Max tried to shove him off, but the cat probably weighed twenty pounds and didn’t like to be budged.

“Seriously, asshole, get off me,” he grumbled, pushing again, this time successfully rolling the cat onto his side on his pillow, his claws taking a chunk out of Max’s chin.

Max rolled his head to the side and looked into the yellow eyes. Wayne’s lids were half closed, and he licked his lips.

“You know that’s weird, right?”

Wayne blinked.

“It’s weird to eat my hair.”

Wayne heaved a sigh and looked away.

A chuckle came from the doorway and Max raised himself up on his elbows.

Cam stood with his arms crossed, a grin tugging at his lips. “That sounded like really sweet pillow talk.”

“Shut up,” Max said and flopped back onto the bed.

“Hey, Zuk and I were heading to the diner to get some breakfast, you wanna come?”

Max checked the time on his alarm clock. “Nah, can’t. Gotta head to my dad’s.”

Cam raised one dark eyebrow. “On a Friday?”

All the guys knew Max avoided his dad as much as possible. “Yeah, my brothers need some help clearing out a dead tree.”

And that was the last thing he felt like doing. He was exhausted after spending a large portion of the night at the hospital with Lea.

And then his body heated under his covers when he remembered how peaceful she looked sleeping in his truck. How right it felt to help her stumble groggily to her apartment.

How he wished he could have crawled into bed with her. He’d stroked her hair on the pillow like a weirdo, just to see how it felt as she blinked at him hazily, half asleep already.

“Hey, where were you last night?” Cam asked, bringing Max back to present.

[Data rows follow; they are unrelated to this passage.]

(* Let $\{G_\alpha\}_{\alpha\in\Lambda}$ be a family of partially ordered abelian groups, $G=\bigoplus_\alpha G_\alpha$ with the product order, $\{n_\alpha\}_{\alpha\in\Lambda}$ nonnegative integers with $N=\sup_\alpha n_\alpha<\infty$. Then: (i) if each $G_\alpha$ is $n_\alpha$-atomic, then $G$ is $N$-atomic; (ii) if each $G_\alpha$ is $n_\alpha$-antimatter, then $G$ is $N$-antimatter.
   Context: A po-group is an abelian group with a translation-invariant partial order; $G^+=\{g:0\le g\}$; product order on a direct sum is componentwise. An atom is a minimal element of $G^+\setminus\{0\}$; $A(G)$ is the subgroup generated by atoms; $Q(G)$ is the subgroup generated by $\{g\in G^+:\exists h\in G^+,\ g+h\in A(G)\}$ (a convex subgroup, so $G/Q(G)$ is a po-group under the induced order $a+Q\le b+Q$ iff $\alpha\le\beta$ for some representatives). Quasi-atomic quotient sequence: $G_0=G$, $G_{n+1}=G_n/Q(G_n)$. $G$ is $n$-atomic if $n$ is the least nonnegative integer with $G_m=0$ for all $m\ge n$. $G$ is $n$-antimatter if $n$ is the least nonnegative integer such that $G_n\ne0$ and $Q(G_n)=0$ (equivalently $G_m=G_n$ for all $m\ge n$). *)

From Stdlib Require Import List Arith ClassicalEpsilon.
Import ListNotations.
(* Write A for the adjacency matrix and M = A^2 - A - 2 = (A - 2)(A + 1).  For a
   graph in F, M vanishes on the eigenspaces of 2 and -1 and is positive on the two
   remaining ones, so M = G G^* with G an n x 2 matrix; hence any three vectors have
   a nontrivial combination x with M x = 0.  For x supported on a clique C,
     x^* M x = (|C| - 3) |sum_C x|^2 + sum_{l outside C} |(A x)_l|^2.
   Let u, v be outside a maximum clique C, with traces on C that are nonempty
   (proper by maximality), distinct and not complementary.  Then C contains three
   vertices with distinct adjacency patterns to (u, v).  A combination x of their
   indicators with M x = 0 has (A x)_l = 0 outside C, then sum_C x = 0 by
   evaluating (M x)_u; as any three corners of the unit square are affinely
   independent, x = 0.  If no outside vertex sees C, any split of C works, and
   |C| >= 2 because M_ii = deg i - 2 >= 0. *)

From HB Require Import structures.
From mathcomp Require Import all_boot all_order all_algebra all_field.
From mathcomp Require Import ring.
Set Implicit Arguments. Unset Strict Implicit. Unset Printing Implicit Defensive.
Import Order.TTheory GRing.Theory Num.Theory.
Local Open Scope ring_scope.
Local Open Scope sesquilinear_scope.

Lemma char_poly_conj n (P A : 'M[algC]_n) : P \in unitmx ->
  char_poly (invmx P *m A *m P) = char_poly A.
Proof.
move=> Pu; rewrite /char_poly /char_poly_mx.
have -> : 'X%:M - map_mx polyC (invmx P *m A *m P) =
  map_mx polyC (invmx P) *m ('X%:M - map_mx polyC A) *m map_mx polyC P.
  rewrite mulmxBr mulmxBl !map_mxM; congr (_ - _).
  by rewrite mul_mx_scalar -scalemxAl -map_mxM mulVmx // map_mx1 scalemx1.
by rewrite !det_mulmx mulrC mulrA -det_mulmx -map_mxM mulmxV // map_mx1 det1 mul1r.
Qed.

Lemma sqrtC_mul_conj (x : algC) : 0 <= x -> sqrtC x * (sqrtC x)^* = x.
Proof. by move=> x_ge0; rewrite geC0_conj ?sqrtC_ge0 // -expr2 sqrtCK. Qed.

Lemma mulmx_trC_ge0 m n (G : 'M[algC]_(m, n)) i : 0 <= (G *m G^t*) i i.
Proof. by rewrite mxE sumr_ge0 // => k _; rewrite !mxE mul_conjC_ge0. Qed.

Section HermitianGram.

Variables (n : nat) (A : 'M[algC]_n) (r s : algC) (a b : nat).
Hypotheses (A_herm : A \is hermsymmx) (r_gt2 : 2 < r) (s_ltN1 : s < -1).
Hypothesis charA :
  char_poly A = ('X - r%:P) * ('X - s%:P) * ('X - 2%:P) ^+ a * ('X + 1) ^+ b.

Local Notation P := (spectralmx A).
Local Notation d l := (spectral_diag A 0 l).

Let A_spectral : A = P^t* *m diag_mx (spectral_diag A) *m P.
Proof.
rewrite -invmx_unitary ?spectral_unitarymx //.
exact/orthomx_spectralP/hermitian_normalmx.
Qed.

Lemma char_poly_spectral : char_poly A = \prod_l ('X - (d l)%:P).
Proof.
rewrite {1}A_spectral -invmx_unitary ?spectral_unitarymx //.
rewrite char_poly_conj ?spectral_unit // char_poly_trig ?diag_mx_is_trig //.
by apply: eq_bigr => l _; rewrite mxE eqxx mulr1n.
Qed.
(* Let $k$ and $M$ be positive integers, and let $M=p_{1}^{e_{1}}p_{2}^{e_{2}}\cdots p_{l}^{e_{l}}$ be the prime factorization of $M$, where $p_1,\dots,p_l$ are distinct primes. For any integer $n\geq \max\{e_j\mid 1\le j\le l\}$, \[ \sum_{i=0}^{\varphi(M)-1}L(k,n+i)\equiv \sum_{i=0}^{\varphi(M)-1}L(n+i,k)\equiv 0\pmod{M}. \]
   Context: A matrix with entries in $\{0,1\}$ is called lonesum if it is uniquely determined (among $0$-$1$ matrices of the same size) by its row sum vector and column sum vector. For positive integers $a,b$, $L(a,b)$ denotes the number of lonesum matrices of size $a\times b$. $\varphi$ denotes Euler's totient function. *)

From mathcomp Require Import all_boot all_order all_algebra.
Set Implicit Arguments. Unset Strict Implicit. Unset Printing Implicit Defensive.

(* 0-1 matrices of size a x b are represented as 'M[bool]_(a, b);
   entry true = 1, false = 0. *)

Definition row_sums (a b : nat) (A : 'M[bool]_(a, b)) : 'I_a -> nat :=
  fun i => \sum_(j < b) nat_of_bool (A i j).
Definition col_sums (a b : nat) (A : 'M[bool]_(a, b)) : 'I_b -> nat :=
  fun j => \sum_(i < a) nat_of_bool (A i j).

Definition lonesum (a b : nat) (A : 'M[bool]_(a, b)) : bool :=
  [forall B : 'M[bool]_(a, b),
     ([forall i, row_sums B i == row_sums A i] &&
      [forall j, col_sums B j == col_sums A j]) ==> (B == A)].

Definition L (a b : nat) : nat := #|[set A : 'M[bool]_(a, b) | lonesum A]|.

From mathcomp Require Import all_boot all_order all_algebra all_fingroup all_solvable zify.
Set Implicit Arguments. Unset Strict Implicit. Unset Printing Implicit Defensive.

Import GRing.Theory.

(* A 0-1 matrix is lonesum iff it contains no 2x2 switch [[1,0],[0,1]] (swapping
   it preserves all margins), iff it is a threshold matrix A i j = (s i <= g j): for
   a threshold matrix, weighting rows by s and columns by g shows that a matrix B
   with the same margins can only have ones where A has.  The row sets of a
   switch-free matrix form a chain; numbering its m distinct members from the
   largest gives a surjection s from the rows onto [1, m], and counting the members
   containing column j gives g : columns -> [0, m], which hits every level of
   [1, m - 1] because the members are distinct.  This is a bijection, so by
   inclusion-exclusion
     L(a, x) = sum_m S(a, m) * sum_u (-1)^u C(m - 1, u) (m + 1 - u)^x,
   where S(a, m), the number of surjections onto [1, m], is divisible by m.  As
   m C(m - 1, u) = (m - u) C(m, u), summing over x = n + i with i < phi(M) produces
   the factor c * sum_i (c + 1)^(n + i) = (c + 1)^n ((c + 1)^phi(M) - 1), c = m - u,
   which Euler's theorem for each prime power p^e of M, with e <= n, makes
   divisible by M.  Transposition gives the second sum. *)

Lemma leq_sum_eq (I : finType) (F G : I -> nat) :
  (forall i, F i <= G i) -> \sum_i F i = \sum_i G i -> F =1 G.
Proof.
move=> leFG eqFG i.
have /leqif_sum[_] : forall i, predT i -> F i <= G i ?= iff (F i == G i).
  by move=> ? _; apply/leqif_eq/leFG.
by rewrite eqFG eqxx => /esym/forallP/(_ i)/eqP.
Qed.
Lemma height_exp n : height n + 4 = 2 ^ n.+2.
Proof. by elim: n => [//|n IH]; rewrite heightS expnS -IH; lia. Qed.

Definition spacer_rank N (e1 e2 : bool) :=
  if e1 then (if e2 then (height N).*2.+3 else (height N).*2.+2)
  else (if e2 then (height N).+1 else 0).

Definition block_start N (b : bool) := if b then (height N).+2 else 1.

Definition zero_below k (y : nat -> bool) := forall i, i < k -> y i = false.

Definition spacer N (e1 e2 : bool) (y : nat -> bool) : nat -> bool :=
  fun i => if i < N then false else if i == N then true
    else if i == N.+1 then e1 else if i == N.+2 then e2 else y i.

Definition set_coord p (b : bool) (y : nat -> bool) : nat -> bool :=
  fun i => if i == p then b else y i.

(* The level-[N.+1] tower stacks, from bottom to top: the spacer cylinder
   [0^N 1 0 0], the level-[N] tower restricted to [y N.+2 = false], the spacer
   [0^N 1 0 1], the level-[N] tower restricted to [y N.+2 = true], and the
   spacers [0^N 1 1 0] and [0^N 1 1 1].  [rank N y] is the floor of [y] in the
   level-[N] tower, and [unrank N r y] the point on floor [r] whose coordinates
   beyond [N.+1] are those of [y]; the level-0 tower is empty, so [unrank 0]
   only clears the coordinates 0 and 1, which keeps [unrank_tail] uniform. *)
Fixpoint rank N (y : nat -> bool) : option nat :=
  if N is N'.+1 then
    match rank N' y with
    | Some r => Some (block_start N' (y N'.+2) + r)
    | None => if y N' then Some (spacer_rank N' (y N'.+1) (y N'.+2)) else None
    end
  else None.

Fixpoint unrank N r (y : nat -> bool) : nat -> bool :=
  if N is N'.+1 then
    if r == 0 then spacer N' false false y
    else if r <= height N' then unrank N' r.-1 (set_coord N'.+2 false y)
    else if r == (height N').+1 then spacer N' false true y
    else if r <= (height N').*2.+1 then
      unrank N' (r - (height N').+2) (set_coord N'.+2 true y)
    else if r == (height N').*2.+2 then spacer N' true false y
    else spacer N' true true y
  else fun i => if i < 2 then false else y i.

Lemma unrankS N r y : unrank N.+1 r y =
    if r == 0 then spacer N false false y
    else if r <= height N then unrank N r.-1 (set_coord N.+2 false y)
    else if r == (height N).+1 then spacer N false true y
    else if r <= (height N).*2.+1 then
      unrank N (r - (height N).+2) (set_coord N.+2 true y)
    else if r == (height N).*2.+2 then spacer N true false y
    else spacer N true true y.
Proof. by []. Qed.

Lemma rankS N y : rank N.+1 y =
  match rank N y with
  | Some r => Some (block_start N (y N.+2) + r)
  | None => if y N then Some (spacer_rank N (y N.+1) (y N.+2)) else None
  end.
Proof. by []. Qed.

Lemma spacer_zero_below N e1 e2 y : zero_below N (spacer N e1 e2 y).
Proof. by move=> i iN; rewrite /spacer iN. Qed.

Lemma spacer_tail N e1 e2 y i : N.+2 < i -> spacer N e1 e2 y i = y i.
Proof. by move=> Ni; rewrite /spacer; do 4 (case: ifP => ? //; first lia). Qed.

Lemma set_coord_id p y : set_coord p (y p) y = y.
Proof. by apply: funext => i; rewrite /set_coord; case: eqP => // ->. Qed.

Lemma spacer_id N y : y N -> zero_below N y -> spacer N (y N.+1) (y N.+2) y = y.
Proof.
move=> yN y0; apply: funext => i; rewrite /spacer.
case: ifP => [/y0 -> //|_]; case: eqP => [-> //|_].
by case: eqP => [-> //|_]; case: eqP => [-> //|_].
Qed.

Lemma unrank_spacer N e1 e2 y :
  unrank N.+1 (spacer_rank N e1 e2) y = spacer N e1 e2 y.
Proof.
rewrite unrankS /spacer_rank.
by case: e1; case: e2; repeat (case: ifP => ?; try lia).
Qed.

Lemma unrank_block N b r y : r < height N ->
  unrank N.+1 (block_start N b + r) y = unrank N r (set_coord N.+2 b y).
Proof.
move=> rN; rewrite unrankS /block_start; case: b.
  by repeat (case: ifP => ?; try lia); congr unrank; lia.
by repeat (case: ifP => ?; try lia).
Qed.

Lemma unrank_tail N r y i : N.+1 < i -> unrank N r y i = y i.
Proof.
elim: N r y => [|N IH] r y Ni; first by rewrite /= ifF //; lia.
have setE b r' : unrank N r' (set_coord N.+2 b y) i = y i.
  by rewrite IH 1?ltnW // /set_coord ifF //; lia.
by rewrite unrankS; repeat case: ifP => _; rewrite ?setE ?spacer_tail.
Qed.

Lemma eq_unrank N r y y' :
  (forall i, N.+1 < i -> y i = y' i) -> unrank N r y = unrank N r y'.
Proof.
elim: N r y y' => [|N IH] r y y' yy'.
  by apply: funext => i /=; case: ifP => // ?; apply: yy'; lia.
have spE e1 e2 : spacer N e1 e2 y = spacer N e1 e2 y'.
  by apply: funext => i; rewrite /spacer; do 4 (case: ifP => // ?); apply: yy'; lia.
have setE b r' : unrank N r' (set_coord N.+2 b y) = unrank N r' (set_coord N.+2 b y').
  by apply: IH => i Ni; rewrite /set_coord; case: ifP => // ?; apply: yy'; lia.
by rewrite (unrankS N r y) (unrankS N r y'); repeat case: ifP => _.
Qed.

Lemma unrank_unrank N r r' y : unrank N r (unrank N r' y) = unrank N r y.
Proof. by apply: eq_unrank => i Ni; rewrite unrank_tail. Qed.

Lemma unrank_prefix N r y y' i :
  i < N.+3 -> unrank N.+1 r y i = unrank N.+1 r y' i.
Proof.
elim: N r y y' i => [|N IH] r y y' i iN.
  by case: i iN => [|[|[|i]]] // _; rewrite /=; repeat case: ifP => _.
have spE e1 e2 : spacer N.+1 e1 e2 y i = spacer N.+1 e1 e2 y' i.
  by rewrite /spacer; do 4 (case: ifP => // ?); lia.
have setE b r' :
    unrank N.+1 r' (set_coord N.+3 b y) i = unrank N.+1 r' (set_coord N.+3 b y') i.
  have [iN3|iN3] := ltnP i N.+3; first exact: IH.
  have -> : i = N.+3 by lia.
  by rewrite !unrank_tail // /set_coord eqxx.
by rewrite (unrankS N.+1 r y) (unrankS N.+1 r y'); repeat case: ifP => _.
Qed.

Lemma floor_cases N r : r < height N.+1 ->
  (exists e1 e2, r = spacer_rank N e1 e2) \/
  (exists b r', r' < height N /\ r = block_start N b + r').
Proof.
rewrite heightS /spacer_rank /block_start => rN.
have [r0|r0] := leqP r 0; first by left; exists false, false; simpl; lia.
have [r1|r1] := leqP r (height N).
  by right; exists false, r.-1; simpl; split; lia.
have [r2|r2] := leqP r (height N).+1; first by left; exists false, true; simpl; lia.
have [r3|r3] := leqP r (height N).*2.+1.
  by right; exists true, (r - (height N).+2); simpl; split; lia.
have [r4|r4] := leqP r (height N).*2.+2; first by left; exists true, false; simpl; lia.
by left; exists true, true; simpl; lia.
Qed.

Lemma rank_None N y : rank N y = None <-> zero_below N y.
Proof.
elim: N => [|N IH]; first by split => // _ i.
rewrite rankS; case E: (rank N y) => [r|].
  split => // yN; suff : rank N y = None by rewrite E.
  by apply/IH => i iN; apply: yN; lia.
have {}IH := proj1 IH E.
case: ifP => yN; split => // y0; first by have := y0 N (ltnSn N); rewrite yN.
by move=> i; rewrite ltnS leq_eqVlt => /orP[/eqP ->|]; [|apply: IH].
Qed.

Lemma spacer_rank_lt N e1 e2 : spacer_rank N e1 e2 < height N.+1.
Proof. by rewrite /spacer_rank heightS; case: e1; case: e2; lia. Qed.

Lemma block_start_lt N b r : r < height N -> block_start N b + r < height N.+1.
Proof. by rewrite /block_start heightS; case: b; lia. Qed.

Lemma rank_lt N y r : rank N y = Some r -> r < height N.
Proof.
elim: N r => [//|N IH] r; rewrite rankS.
case E: (rank N y) => [r'|]; first by move=> [<-]; apply/block_start_lt/IH.
by case: ifP => // _ [<-]; apply: spacer_rank_lt.
Qed.
Lemma timelike_hpoint u : bform u u < 0 -> u.1.1 < 0 ->
  exists2 p, inH p & u = vscale (Num.sqrt (- bform u u)) (hpoint p).
Proof.
case: u => [[a b] c] /= hq ha; set l := Num.sqrt _.
have l0 : 0 < l by rewrite /l sqrtr_gt0 oppr_gt0.
have l2 : l ^+ 2 = - bform (a, b, c) (a, b, c) by rewrite /l sqr_sqrtr // oppr_ge0 ltW.
move: l2; rewrite /bform /= => l2.
exists (- b / (2 * a), - l / (2 * a)).
  by rewrite /inH /= mulNr -mulrN -invrN divr_gt0 //; lra.
have a0 : a != 0 by rewrite ltr0_neq0.
have l0' : l != 0 by rewrite lt0r_neq0.
apply: vec_ext => /=; [by field; rewrite ?a0 ?l0' | by field; rewrite ?a0 ?l0' |].
have -> : l * - (((- b / (2 * a)) ^+ 2 + (- l / (2 * a)) ^+ 2) / (2 * (- l / (2 * a))))
   = (b ^+ 2 + l ^+ 2) / (4 * a) by field; rewrite ?a0 ?l0'.
by rewrite l2; field; rewrite ?a0 ?l0'.
Qed.

Lemma common_orth_hpoint u v : bform u v ^+ 2 < bform u u * bform v v ->
  exists2 p, inH p & bform (hpoint p) u = 0 /\ bform (hpoint p) v = 0.
Proof.
move=> h; set q := lcross u v.
have qq : bform q q < 0 by have := bform_lcross u v; rewrite -/q; lra.
have [r [rr r1 o1 o2]] : exists r,
    [/\ bform r r < 0, r.1.1 < 0, bform r u = 0 & bform r v = 0].
  have o1 := bform_lcrossl u v; have o2 := bform_lcrossr u v.
  have := timelike_first_neq0 qq; rewrite neq_lt => /orP[q1|q1].
    by exists q; split.
  exists (vscale (-1) q); rewrite !bformZl bformZr -/q o1 o2 !mulr0.
  by split => //; [lra | rewrite /= mulN1r oppr_lt0].
have [p hp e] := timelike_hpoint rr r1; exists p => //.
have l0 : Num.sqrt (- bform r r) != 0 by rewrite gt_eqF // sqrtr_gt0 oppr_gt0.
by split; apply: (mulfI l0); rewrite mulr0 -bformZl -e.
Qed.

(* The orthogonal complement of a causal vector misses the hyperboloid. *)
Lemma causal_bform_hpoint_sign d p p' : bform d d <= 0 -> d != (0, 0, 0) ->
  inH p -> inH p' -> 0 < bform (hpoint p) d * bform (hpoint p') d.
Proof.
move=> hd dn hp hp'.
suff key : forall q q', inH q -> inH q' -> 0 < gfun d q * gfun d q'.
  move: (key p p' hp hp'); rewrite !gfun_hpoint //.
  rewrite mulrACA pmulr_rgt0 //; exact: mulr_gt0.
move: hd dn; case: d => [[a b] c]; rewrite /bform /gfun /inH /= => hd dn.
have side q : 0 < q.2 ->
    0 < a * (a * (q.1 ^+ 2 + q.2 ^+ 2) + b * q.1 + c) \/ [/\ a = 0, b = 0 & c != 0].
  move=> hq; have [a0|a0] := eqVneq a 0.
    have b0 : b = 0 by move: hd; rewrite a0 !mul0r mulr0 add0r mulr0 subr0; nra.
    by right; split => //; apply: contraNneq dn => c0; rewrite a0 b0 c0.
  left; have : 0 < a ^+ 2 * q.2 ^+ 2.
    by apply: mulr_gt0; rewrite exprn_even_gt0 // ?gt_eqF.
  have := sqr_ge0 (2 * a * q.1 + b); nra.
move=> q q' hq hq'.
have [h1|[-> -> c0]] := side q hq; last by rewrite !mul0r !add0r -expr2 exprn_even_gt0.
have [h2|[a0 _ _]] := side q' hq'; last by move: h1; rewrite a0 mul0r ltxx.
have a2 : 0 < a ^+ 2.
  by rewrite exprn_even_gt0 //; apply: contraTneq h1 => ->; rewrite mul0r ltxx.
have := mulr_gt0 h1 h2; nra.
Qed.
Lemma P_iv_unit : P_iv \in unitmx.
Proof.
suff : P_iv *m mx8
  [:: [:: 0; 0; 0; 0; 0; 0; 0; (l * m)^-1];
      [:: m^-1; 0; 0; 0; 0; 0; 0; 0];
      [:: 0; m ^- 2; 0; 0; 0; 0; 0; 0];
      [:: 0; 0; m ^- 2; 0; 0; 0; 0; 0];
      [:: 0; 0; 0; 0; 0; 0; - m ^- 2; 0];
      [:: 0; 0; 0; 0; 0; - m ^- 2; 0; 0];
      [:: 0; 0; 0; 0; m ^- 3; 0; 0; 0];
      [:: 0; 0; 0; 1; 0; 0; 0; 0]] = 1%:M by case/mulmx1_unit.
mx8_mul_inverse.
Qed.

Lemma gA_iso_hiv : lie_isomorphic (gA l m 1) (h_iv R).
Proof.
exists P_iv; split; first exact: P_iv_unit.
rewrite /h_iv /hplusR /P_iv; mx8_lie_morph lie_gA.
Qed.

Definition P_iii : 'M[R]_8 := mx8
  [:: [:: 0; m; 0; 0; 0; 0; 0; 0];
      [:: 0; 0; m ^+ 2; 0; 0; 0; - k * m ^+ 3; 0];
      [:: 0; 0; 0; m ^+ 2; 0; 0; 0; 0];
      [:: 0; 0; 0; 0; 0; 0; 0; 1];
      [:: 0; 0; 0; 0; 0; 0; m ^+ 3; 0];
      [:: 0; 0; 0; 0; - m ^+ 2; 0; 0; 0];
      [:: 0; 0; 0; 0; 0; m ^+ 2; 0; 0];
      [:: l * m; 0; 0; 0; 0; 0; 0; 0]].

Lemma P_iii_unit : P_iii \in unitmx.
Proof.
suff : P_iii *m mx8
  [:: [:: 0; 0; 0; 0; 0; 0; 0; (l * m)^-1];
      [:: m^-1; 0; 0; 0; 0; 0; 0; 0];
      [:: 0; m ^- 2; 0; 0; k / m ^+ 2; 0; 0; 0];
      [:: 0; 0; m ^- 2; 0; 0; 0; 0; 0];
      [:: 0; 0; 0; 0; 0; - m ^- 2; 0; 0];
      [:: 0; 0; 0; 0; 0; 0; m ^- 2; 0];
      [:: 0; 0; 0; 0; m ^- 3; 0; 0; 0];
      [:: 0; 0; 0; 1; 0; 0; 0; 0]] = 1%:M by case/mulmx1_unit.
mx8_mul_inverse.
Qed.

Lemma gB_iso_hiii : lie_isomorphic (gB l m 1 (- (k * l))) (h_iii R).
Proof.
exists P_iii; split; first exact: P_iii_unit.
rewrite /h_iii /hplusR /P_iii; mx8_lie_morph lie_gB.
Qed.

Definition P_v : 'M[R]_8 := mx8
  [:: [:: 0; m; 0; 0; 0; 0; 0; 0];
      [:: 0; 0; m ^+ 2; 0; 0; 0; k * m ^+ 3; 0];
      [:: 0; 0; 0; m ^+ 2; 0; 0; 0; 0];
      [:: 0; 0; 0; 0; 0; 0; 0; 1];
      [:: 0; 0; 0; 0; 0; 0; m ^+ 3; 0];
      [:: 0; 0; 0; 0; - m ^+ 2; 0; 0; 0];
      [:: 0; 0; 0; 0; 0; m ^+ 2; 0; 0];
      [:: l * m; 0; 0; 0; 0; 0; 0; 0]].

Lemma P_v_unit : P_v \in unitmx.
Proof.
suff : P_v *m mx8
  [:: [:: 0; 0; 0; 0; 0; 0; 0; (l * m)^-1];
      [:: m^-1; 0; 0; 0; 0; 0; 0; 0];
      [:: 0; m ^- 2; 0; 0; - k / m ^+ 2; 0; 0; 0];
      [:: 0; 0; m ^- 2; 0; 0; 0; 0; 0];
      [:: 0; 0; 0; 0; 0; - m ^- 2; 0; 0];
      [:: 0; 0; 0; 0; 0; 0; m ^- 2; 0];
      [:: 0; 0; 0; 0; m ^- 3; 0; 0; 0];
      [:: 0; 0; 0; 1; 0; 0; 0; 0]] = 1%:M by case/mulmx1_unit.
mx8_mul_inverse.
Qed.

Lemma gB_iso_hv : lie_isomorphic (gB l m (-1) (k * l)) (h_v R).
Proof.
exists P_v; split; first exact: P_v_unit.
rewrite /h_v /hplusR /P_v; mx8_lie_morph lie_gB.
Qed.

End Isomorphisms.

Theorem theorem7p4 (R : realType) (lambda mu k : R) :
  lambda != 0 -> mu != 0 ->
  [/\ conclusion (g_i lambda mu) (@h_i R),
      conclusion (g_ii lambda mu) (@h_ii R),
      conclusion (g_iii lambda mu k) (@h_iii R),
      conclusion (g_iv lambda mu) (@h_iv R) &
      conclusion (g_v lambda mu k) (@h_v R)].
Proof.
move=> l_neq0 m_neq0; rewrite g_iE g_iiE g_iiiE g_ivE g_vE; split.
- exact: (gA_conclusion l_neq0 m_neq0 (gA_iso_hi l_neq0 m_neq0)).
- exact: (gA_conclusion l_neq0 m_neq0 (gA_iso_hii l_neq0 m_neq0)).
- exact: (gB_conclusion l_neq0 m_neq0 (gB_iso_hiii k l_neq0 m_neq0)).
- exact: (gA_conclusion l_neq0 m_neq0 (gA_iso_hiv l_neq0 m_neq0)).
- exact: (gB_conclusion l_neq0 m_neq0 (gB_iso_hv k l_neq0 m_neq0)).
Qed.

“I took Lea to the hospital because her cousin . . . hey, did you know about the thefts and assaults happening on campus?”

Cam unfolded his arms and braced the heel of his palm on the door frame. The wings of his Air Force tattoo peeked out from the hem of his T-shirt sleeve on the inside of his bicep. “Yeah, man, it’s fucked up. The papers said one just happened last night on campus. Some dude got pretty beat.”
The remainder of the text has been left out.